I agree with Cowchick77. Spurs are a communication device, not a disciplinary tool. I have two different types. I use a pretty hefty "cowboy spur" for my older gelding. I rarely have to give him a jag but it's there if I need it. And after so many years it's nothing more than an extension of my heel.

However, my mare takes a much lighter touch. I use a mild bumper spur with her.

A lot depends too on how you're built and how your horse is built. Sometimes a spur simply assists you to reach around your horses frame more comfortably. 

Experiment in a confined space until you know how your horse will react to different pressure. Start soft and firm up slowly. Some horses can just get mad and that's a wreck.


----------



## kait18 (Oct 11, 2011)

to kinda help here is an old picture of me riding him without the trainer like 3 years ago. so you can see leg positioning vs his barrel. (no critiqing(sp) since all of his tack has been changed and so has my riding style.) its only to help visual see where my leg generally is minus the lowered heel since this pic isn't showing it.

he is around 15.2-16h... never fully measured but somewhere between there. he is narrow like a arab/tb but has a stockier look about him.


----------



## Blue (Sep 4, 2011)

He's a beauty! I'm no expert so please check this with your local experts. It looks to me like your leg is actually hitting him right where he should be sensitive to your cues. So I'm thinking maybe a little reinforcement from a mild spur to just let him know you mean business? I'll bet if used correctly he gets the idea fast.


----------



## COWCHICK77 (Jun 21, 2010)

I would go with a very short drop shank, like a team roper spur so you can keep out of sides. The more you accidently bump on him with them the more he will start to ignore you.
Maybe something similar to these to give you an idea...
DUTTON BITS - Dutton 5/8" Black Short Go Spurs - NRSworld.com
_Posted via Mobile Device_


----------



## kait18 (Oct 11, 2011)

thank you for the guidance everyone


----------



## ledge (May 23, 2011)

I found to resize spurs for my large foot and boot is to put them in a vise in the shop or bar and find a length of pipe.

Wrap the side of the spur in a good rag or towel to prevent marring then using a piece of pipe slip over the other side and GENTLY pull them apart.

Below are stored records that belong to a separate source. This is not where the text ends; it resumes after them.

Lemma le_opnorm j (M : ('I_j -> X) -> R) v :
  bounded_on_unit_args M -> unit_args v -> `|M v| <= opnorm M.
Proof.
move=> [C MC] v1; apply: sup_upper_bound; last by exists v.
by split; [exists `|M v|, v | exists C => _ [w w1 <-]; exact: MC].
Qed.

Lemma bounded_on_unit_argsB j (M N : ('I_j -> X) -> R) :
  bounded_on_unit_args M -> bounded_on_unit_args N ->
  bounded_on_unit_args (fun v => M v - N v).
Proof.
move=> [C MC] [C' NC]; exists (C + C') => v v1.
by apply: le_trans (ler_normB _ _) _; rewrite lerD ?MC ?NC.
Qed.

Lemma multilinear_upd0 j (M : ('I_j -> X) -> R) v i :
  multilinear M -> M (upd v i 0) = 0.
Proof. by move=> ML; have := ML v i 1 0 0; rewrite scaler0 addr0 mul1r; lra. Qed.

Lemma multilinear_updZ j (M : ('I_j -> X) -> R) v i a u :
  multilinear M -> M (upd v i (a *: u)) = a * M (upd v i u).
Proof. by move=> ML; have := ML v i a u 0; rewrite !addr0 multilinear_upd0 ?addr0. Qed.

Lemma cons_vec0 j (h : X) (v : 'I_j -> X) : cons_vec h v ord0 = h.
Proof. by rewrite /cons_vec unlift_none. Qed.

Lemma cons_vecS j (h : X) (v : 'I_j -> X) k : cons_vec h v (lift ord0 k) = v k.
Proof. by rewrite /cons_vec liftK. Qed.

Lemma cons_vec_upd j (h h' : X) (v : 'I_j -> X) :
  cons_vec h' v = upd (cons_vec h v) ord0 h'.
Proof.
apply/funext => k; rewrite /upd; case: (unliftP ord0 k) => [k'|] ->.
  by rewrite eq_sym (negbTE (neq_lift _ _)) !cons_vecS.
by rewrite eqxx !cons_vec0.
Qed.

Lemma cons_vec_head_behead j (u : 'I_j.+1 -> X) :
  u = cons_vec (u ord0) (fun k => u (lift ord0 k)).
Proof.
by apply/funext => k; case: (unliftP ord0 k) => [k'|] ->; rewrite ?cons_vecS ?cons_vec0.
Qed.

Lemma unit_args_cons j (h : X) (v : 'I_j -> X) :
  `|h| <= 1 -> unit_args v -> unit_args (cons_vec h v).
Proof.
by move=> h1 v1 k; case: (unliftP ord0 k) => [k'|] ->; rewrite ?cons_vecS ?cons_vec0.
Qed.

Lemma bounded_multilinear_unit_args j (M : ('I_j -> X) -> R) :
  bounded_multilinear M -> bounded_on_unit_args M.
Proof.
move=> [_ [C MC]]; exists `|C| => v v1; apply: le_trans (MC v) _.
have p0 : 0 <= \prod_(i < j) `|v i| by apply: prodr_ge0.
have p1 : \prod_(i < j) `|v i| <= 1 by apply: prodr_ile1 => i _; rewrite normr_ge0 v1.
by apply: le_trans (ler_wpM2r p0 (ler_norm C)) _; rewrite -[leRHS]mulr1 ler_wpM2l.
Qed.

Lemma multilinear_consZ j (M : ('I_j.+1 -> X) -> R) a (h : X) v :
  multilinear M -> M (cons_vec (a *: h) v) = a * M (cons_vec h v).
Proof. by move=> ML; rewrite (cons_vec_upd h (a *: h)) multilinear_updZ // -cons_vec_upd. Qed.

Lemma multilinear_cons_le j (M : ('I_j.+1 -> X) -> R) (B : R) (h : X) v :
  multilinear M -> (forall u, unit_args u -> `|M u| <= B) -> unit_args v ->
  `|M (cons_vec h v)| <= B * `|h|.
Proof.
move=> ML MB v1; have [->|h0] := eqVneq h 0.
  by rewrite normr0 mulr0 -(scale0r (0 : X)) multilinear_consZ // mul0r normr0.
have hp : 0 < `|h| by rewrite normr_gt0.
rewrite -{1}[h](scalerKV (lt0r_neq0 hp)) multilinear_consZ // normrM gtr0_norm // mulrC.
rewrite ler_wpM2r ?normr_ge0 // MB //; apply: unit_args_cons => //.
by rewrite normrZ normfV normr_id mulVf ?gt_eqF.
Qed.

Lemma bounded_multilinear_cons j (M : ('I_j.+1 -> X) -> R) (h : X) :
  bounded_multilinear M -> bounded_on_unit_args (fun v => M (cons_vec h v)).
Proof.
move=> MB; have [C MC] := bounded_multilinear_unit_args MB.
by exists (C * `|h|) => v v1; apply: multilinear_cons_le MB.1 MC v1.
Qed.

End MultilinearForms.

Lemma is_derive_of_remainder {R : realType} (g : R -> R) a L :
  (forall e, 0 < e -> exists2 d, 0 < d & forall h, `|h| < d ->
     `|g (a + h) - g a - h * L| <= e * `|h|) ->
  is_derive a 1 g L.
Proof.
move=> gL; suff cv : (fun h => h^-1 *: ((g \o shift a) (h *: 1) - g a)) @ 0^' --> L.
  by split; [exact: cvgP cv | exact: cvg_lim cv].
apply/cvgrPdist_le => e e0; have [d d0 gLd] := gL e e0.
apply/nbhs_ballP; exists d => //= h; rewrite /ball /= sub0r normrN => hd h0.
have hp : 0 < `|h| by rewrite normr_gt0.
have -> : L - h^-1 *: ((g \o shift a) (h *: 1) - g a) =
          - h^-1 * (g (a + h) - g a - h * L).
  by rewrite /= /shift [h *: 1]mulr1 [h + a]addrC /GRing.scale /=; field.
by rewrite normrM normrN normfV mulrC ler_pdivrMr // gLd.
Qed.
(* Let $k\ge2$, $n\ge1$ be integers, let $\bar{\mathcal{P}}\in\mathbb{R}^{[k,n]}$ be a columnwise-substochastic tensor, $\mathbf{v}\in\mathbb{R}^n$ a stochastic vector and $\alpha\in[0,1)$. If $\alpha<\frac{1}{k-1}$, then the MLPPR system $(\mathbf{e}^T\mathbf{y})^{k-2}\mathbf{y}-\alpha\bar{\mathcal{P}}\mathbf{y}^{k-1}=\mathbf{v}$ has a unique nonnegative solution $\mathbf{y}\in\mathbb{R}^n_+$.
   Context: For $\mathcal{P}\in\mathbb{R}^{[k,n]}$ (real tensors of order $k$, dimension $n$) and $\mathbf{y}\in\mathbb{R}^n$, $(\mathcal{P}\mathbf{y}^{k-1})_i=\sum_{i_2,\dots,i_k}p_{i i_2\dots i_k}y_{i_2}\cdots y_{i_k}$. $\bar{\mathcal{P}}$ is columnwise-substochastic if its entries are nonnegative and $\sum_{i}\bar p_{i i_2\dots i_k}\le1$ for all $i_2,\dots,i_k$. $\mathbf{e}$ is the all-ones vector; a stochastic vector is nonnegative with entries summing to $1$. *)

From mathcomp Require Import all_boot all_order all_algebra.
From mathcomp Require Import reals.
Set Implicit Arguments. Unset Strict Implicit. Unset Printing Implicit Defensive.
Import Order.TTheory GRing.Theory Num.Theory.
Local Open Scope ring_scope.

(* A real tensor of order k and dimension n: entries p_{i i_2 ... i_k}, the
   first index i : 'I_n and the remaining k-1 indices encoded as a finite
   function idx : 'I_(k.-1) -> 'I_n  (idx j = i_{j+2}). *)
Definition tensor (R : realType) (k n : nat) :=
  'I_n -> {ffun 'I_(k.-1) -> 'I_n} -> R.

Definition tapply (R : realType) (k n : nat) (P : tensor R k n)
  (y : 'I_n -> R) (i : 'I_n) : R :=
  \sum_(idx : {ffun 'I_(k.-1) -> 'I_n}) P i idx * \prod_(j < k.-1) y (idx j).

Definition col_substochastic (R : realType) (k n : nat) (P : tensor R k n) :=
  (forall i idx, 0 <= P i idx) /\
  (forall idx, \sum_(i < n) P i idx <= 1).

Definition stochastic (R : realType) (n : nat) (v : 'I_n -> R) :=
  (forall i, 0 <= v i) /\ \sum_(i < n) v i = 1.

Definition nonneg_vec (R : realType) (n : nat) (y : 'I_n -> R) :=
  forall i, 0 <= y i.

Definition mlppr_solution (R : realType) (k n : nat) (alpha : R)
  (P : tensor R k n) (v y : 'I_n -> R) :=
  forall i, (\sum_(j < n) y j) ^+ (k - 2) * y i - alpha * tapply P y i = v i.

From mathcomp Require Import all_boot all_order all_algebra.
From mathcomp Require Import reals.
From HB Require Import structures.
From mathcomp Require Import boolp classical_sets functions interval_inference.
From mathcomp Require Import topology normedtype sequences exp.
From mathcomp Require Import ring.
Import Order.TTheory GRing.Theory Num.Theory numFieldNormedType.Exports.
Local Open Scope classical_set_scope.
Local Open Scope ring_scope.
Set Implicit Arguments. Unset Strict Implicit. Unset Printing Implicit Defensive.

(* Dividing a nonnegative solution y by its mass e^T y turns the MLPPR system into
   the fixed-point equation x = (1 - alpha e^T P x^{k-1}) v + alpha P x^{k-1} on
   stochastic vectors, and conversely every such fixed point x rescales to the
   solution y = s x with s^{k-1} (1 - alpha e^T P x^{k-1}) = 1.  Adding the
   column deficits of P along v makes the map a convex combination of v and a
   column-stochastic tensor applied to x^{k-1}; since x |-> x^{k-1} is
   (k-1)-Lipschitz for the l1 distance on stochastic vectors (telescoping), the
   map is an l1 contraction of ratio alpha (k-1) < 1, and Banach's theorem gives
   the unique fixed point. *)

Definition l1dist (R : numDomainType) n (x z : 'I_n -> R) := \sum_i `|x i - z i|.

As far as what to use the roper spur idea was probably the best to start out with, once you get refined the longer shanked will minimize movements or in the case of mine i can reach under the belly for more cues. 

If you cant find one to fit you may try a man's spur and instead of spreading it you may have to close it in a similar manner.


----------



## kait18 (Oct 11, 2011)

COWCHICK77 said:


> I would go with a very short drop shank, like a team roper spur so you can keep out of sides. The more you accidently bump on him with them the more he will start to ignore you.
> Maybe something similar to these to give you an idea...
> DUTTON BITS - Dutton 5/8" Black Short Go Spurs - NRSworld.com
> _Posted via Mobile Device_


that link pretty much shows the exact spur i used just it was silver not that rusty looking color. and using it was fantastic.

we didnt use it for forward motion but for helping he realize where the pressure is really coming from to move his hind/shoulders to get is ribs out of the way. eventually we will progress to other things 

thanks cowchick for your help


----------